Cardinal Arithmetic has to do with addition of sets, which is really closer to (disjoint) union modded out by an equivalence relation (i.e. bijection). In this area, we say that $|A| = |B| \iff$ there exists a bijection between the two sets. So, when we say something like $\aleph_0 + \aleph_0 = \aleph_0$, we are really just saying that there exists a bijection between $\aleph_0 \sqcup \aleph_0$ and $\aleph_0$. We say that $\kappa < \mu$ if there exists an injection from $\kappa$ to $\mu$, but none of those injections are surjections. From these definitions, one can show that we have accurately described an equivalence relation in the class of sets.

Natural Arithmetic, or arithmetic on $\mathbb{N}$ is the arithmetic we learn in school. While we don't learn all the axioms of arithmetic (first of all, because the set of axioms for true arithmetic is not recursive) the basic theory is the pretty much the same as Finite Cardinal Arithmetic. Things change drastically when we consider Non-standard models of arithmetic. In these models of arithmetic, we can add, subtract, multiply and sometimes divide numbers which are larger than all standard natural numbers. We might have a number $\tau$ such that $\tau >n$ for all $n$ in the standard model. Furthermore, $\tau + \tau \neq \tau$. Here, we have that $ \tau <\tau + \tau = 2\tau $ and how you would think Natural Arithmetic might work on very large numbers (with a loose interpretation of large). It should also be stated, however, due to a theorem of Tennenbaum, that none of these arithmetics on non-standard models are computable, i.e. we cannot truly compute anything.
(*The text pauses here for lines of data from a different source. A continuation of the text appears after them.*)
From HB Require Import structures.
From mathcomp Require Import all_boot all_order all_algebra all_fingroup.
From mathcomp Require Import mxrepresentation.
From mathcomp Require Import complex.
From mathcomp Require Import all_classical all_reals all_analysis.

Set Implicit Arguments.
Unset Strict Implicit.
Unset Printing Implicit Defensive.

Import Order.TTheory GRing.Theory Num.Theory.
Import numFieldNormedType.Exports.
Local Open Scope ring_scope.

(* Expanding each product along a permutation, d_chi(A + t_1 X^1 + ... + t_k X^k)
   is a polynomial in t whose terms are indexed by the assignments f of a source
   (A or one of the X^j) to every column; the term of f carries the monomial
   prod_j t_j^(number of columns taken from X^j).  The mixed derivative
   d^k/dt_1...dt_k at t = 0 kills every monomial except t_1 ... t_k, so only the
   assignments using each X^j in exactly one column survive.  Such an assignment
   is the same as its set of columns, i.e. some alpha in Q_{k,n}, together with
   sigma in S_k telling which X^j goes to the l-th of them, and the matrix it
   selects is A(alpha; X^sigma(1), ..., X^sigma(k)). *)

Section PolynomialFunctions.
Variables (C : numFieldType) (k : nat).

Definition monomial (m : 'I_k -> nat) (t : 'I_k -> C) : C :=
  \prod_(j < k) t j ^+ m j.

Definition polyfun (I : finType) (c : I -> C) (e : I -> 'I_k -> nat)
    (t : 'I_k -> C) : C :=
  \sum_(i : I) c i * monomial (e i) t.

Lemma monomial_upd (m : 'I_k -> nat) t j s :
  monomial m (upd t j s) = s ^+ m j * \prod_(l < k | l != j) t l ^+ m l.
Proof.
rewrite /monomial (bigD1 j) //= /upd eqxx; congr (_ * _).
by apply: eq_bigr => l /negbTE ->.
Qed.

Lemma is_derive_sum_seq (I : Type) (r : seq I) (h : I -> C -> C)
    (dh : I -> C) (x v : C) :
  (forall i, is_derive x v (h i) (dh i)) ->
  is_derive x v (\sum_(i <- r) h i) (\sum_(i <- r) dh i).
Proof.
by move=> ?; elim/big_ind2: _ => // *; [exact: is_derive_cst|exact: is_deriveD].
Qed.

Lemma partial_polyfun (I : finType) (c : I -> C) e j :
  partial j (polyfun c e) =
  polyfun (fun i => c i * (e i j)%:R) (fun i => upd (e i) j (e i j).-1).
Proof.
rewrite /partial; apply/funext => t.
pose b i := c i * \prod_(l < k | l != j) t l ^+ e i l.
have -> : (fun s => polyfun c e (upd t j s)) =
    \sum_(i <- index_enum I) b i \*: (@GRing.exp C ^~ (e i j)).
  rewrite fct_sumE; apply/funext => s; apply: eq_bigr => i _.
  by rewrite monomial_upd /= [s ^+ _ * _]mulrC mulrA.
have dmon i : is_derive (t j) 1 (b i \*: @GRing.exp C ^~ (e i j))
    (b i *: ((e i j)%:R *: t j ^+ (e i j).-1 *: 1)).
  by apply: is_deriveZ; apply: DeriveDef; [exact: exprn_derivable|exact: exp_derive].
rewrite derive1E (@derive_val _ _ _ _ _ _ _ (is_derive_sum_seq _ dmon)).
rewrite /polyfun; apply: eq_bigr => i _; rewrite /monomial (bigD1 j) //= /upd eqxx.
rewrite (eq_bigr (fun l => t l ^+ e i l)) => [|l /negbTE -> //].
by rewrite /b /GRing.scale /= mulr1 -!mulrA; congr (_ * _); rewrite mulrC mulrA.
Qed.

End PolynomialFunctions.

Section MixedPartial.
Variables (C : numFieldType) (k : nat).

Lemma foldr_partial_polyfun (I : finType) (c : I -> C) (e : I -> 'I_k -> nat)
    (r : seq 'I_k) : uniq r ->
  foldr (fun j h => partial j h) (polyfun c e) r =
  polyfun (fun i => c i * \prod_(j <- r) (e i j)%:R)
          (fun i j => if j \in r then (e i j).-1 else e i j).
Proof.
elim: r => [_ /=|j r IHr /andP[jNr r_uniq] /=].
  by congr polyfun; apply/funext => i; rewrite big_nil mulr1.
rewrite IHr // partial_polyfun; congr polyfun; apply/funext => i.
  by rewrite (negbTE jNr) big_cons -mulrA; congr (_ * _); exact: mulrC.
by apply/funext => l; rewrite /upd in_cons (negbTE jNr); case: eqP => [->|].
Qed.

Lemma mixed_coef_at0 (m : 'I_k -> nat) :
  \prod_(j < k) (m j)%:R * \prod_(j < k) (0 : C) ^+ (m j).-1 =
  [forall j, m j == 1%N]%:R.
Proof.
have [/forallP m1|/forallPn[j mj1]] := boolP [forall j, m j == 1%N].
  by rewrite !big1 ?mulr1 // => j _; rewrite (eqP (m1 j)).
case mj: (m j) mj1 => [|[|p]] // _.
  by rewrite (bigD1 j) //= mj mul0r mul0r.
by rewrite [X in _ * X](bigD1 j) //= mj expr0n mul0r mulr0.
Qed.

Lemma mixed_partial_polyfun_at0 (I : finType) (c : I -> C) (e : I -> 'I_k -> nat) :
  mixed_partial (polyfun c e) (fun _ => 0) =
  \sum_(i | [forall j, e i j == 1%N]) c i.
Proof.
rewrite /mixed_partial foldr_partial_polyfun ?enum_uniq // /polyfun [RHS]big_mkcond.
apply: eq_bigr => i _; rewrite -mulrA big_enum /monomial /=.
rewrite [X in _ * (_ * X)](eq_bigr (fun j => 0 ^+ (e i j).-1)) => [|j _].
  by rewrite mixed_coef_at0; case: ifP; rewrite ?mulr1 ?mulr0.
by rewrite mem_enum.
Qed.

End MixedPartial.

Lemma sumr_option (V : nmodType) (T : finType) (F : option T -> V) :
  \sum_(o : option T) F o = F None + \sum_(j : T) F (Some j).
Proof.
rewrite (bigD1 None) //=; congr (_ + _).
rewrite (reindex_omap Some id) /=; last by case.
by apply: eq_bigl => j; rewrite eqxx.
Qed.

Section ColumnAssignments.
Variables (n k : nat).

Definition assign_count (f : {ffun 'I_n -> option 'I_k}) (j : 'I_k) : nat :=
  #|[set c | f c == Some j]|.

Definition exact_assign (f : {ffun 'I_n -> option 'I_k}) : bool :=
  [forall j, assign_count f j == 1%N].

Variables (C : numFieldType) (A : 'M[C]_n) (X : 'I_k -> 'M[C]_n).

Definition assign_mx (f : {ffun 'I_n -> option 'I_k}) : 'M[C]_n :=
  \matrix_(i, c) if f c is Some j then X j i c else A i c.

Lemma prod_assign_weight (f : {ffun 'I_n -> option 'I_k}) (t : 'I_k -> C) :
  \prod_c (if f c is Some j then t j else 1) = monomial (assign_count f) t.
Proof.
transitivity (\prod_c \prod_j (if f c == Some j then t j else 1)).
  apply: eq_bigr => c _; case: (f c) => [j0|]; last by rewrite big1.
  rewrite (bigD1 j0) //= eqxx big1 ?mulr1 // => j j0Nj.
  by case: eqP => // -[j0j]; rewrite j0j eqxx in j0Nj.
rewrite exchange_big /monomial; apply: eq_bigr => j _.
rewrite /assign_count -prodr_const [RHS]big_mkcond.
by apply: eq_bigr => c _; rewrite inE.
Qed.

Lemma prod_perm_entries_expand (s : 'S_n) (t : 'I_k -> C) :
  \prod_i (A + \sum_j t j *: X j) i (s i) =
  \sum_(f : {ffun 'I_n -> option 'I_k})
     (\prod_i assign_mx f i (s i)) * monomial (assign_count f) t.
Proof.
have by_column (G : 'I_n -> 'I_n -> C) :
    \prod_i G i (s i) = \prod_c G ((s^-1)%g c) c.
  rewrite [RHS](reindex_inj (@perm_inj _ s)).
  by apply: eq_bigr => i _; rewrite permK.
pose entry (r c : 'I_n) (o : option 'I_k) :=
  if o is Some j then X j r c else A r c.
have expand_entry c : (A + \sum_j t j *: X j) ((s^-1)%g c) c =
    \sum_(o : option 'I_k) (if o is Some j then t j else 1) * entry ((s^-1)%g c) c o.
  rewrite sumr_option /= mul1r !mxE summxE; congr (_ + _).
  by apply: eq_bigr => j _; rewrite mxE.
rewrite by_column (eq_bigr _ (fun c _ => expand_entry c)) bigA_distr_bigA /=.
apply: eq_bigr => f _; rewrite big_split /= prod_assign_weight mulrC by_column.
by congr (_ * _); apply: eq_bigr => c _; rewrite mxE.
Qed.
Finally, Real Arithmetic has two separate meanings which I will call First Order Real Arithmetic (FORA), and Measure Arithmetic (MA). Now, FORA is similar to addition, multiplication, division, what have you, on the reals. However, we can only use finite formulas, so infinite sums cannot really be handled by FORA. FORA is the model theory perspective of real arithmetic and in the same way that natural arithmetic can have super big natural numbers, FORA can have super huge large real numbers, as well as super tiny real numbers (known as infinitesimals.

Measure Arithmetic of the real line is where integration takes place. Practically speaking, integration is the way one sums real numbers in the way discrete sums don't really work. The problem is, suppose we want to compute something like $\sum_{i\in [0,1]} 1$. If we simply use integration, or in it's natural notation, $\int_0^1 1dx$, we compute that this sum is equal to 1.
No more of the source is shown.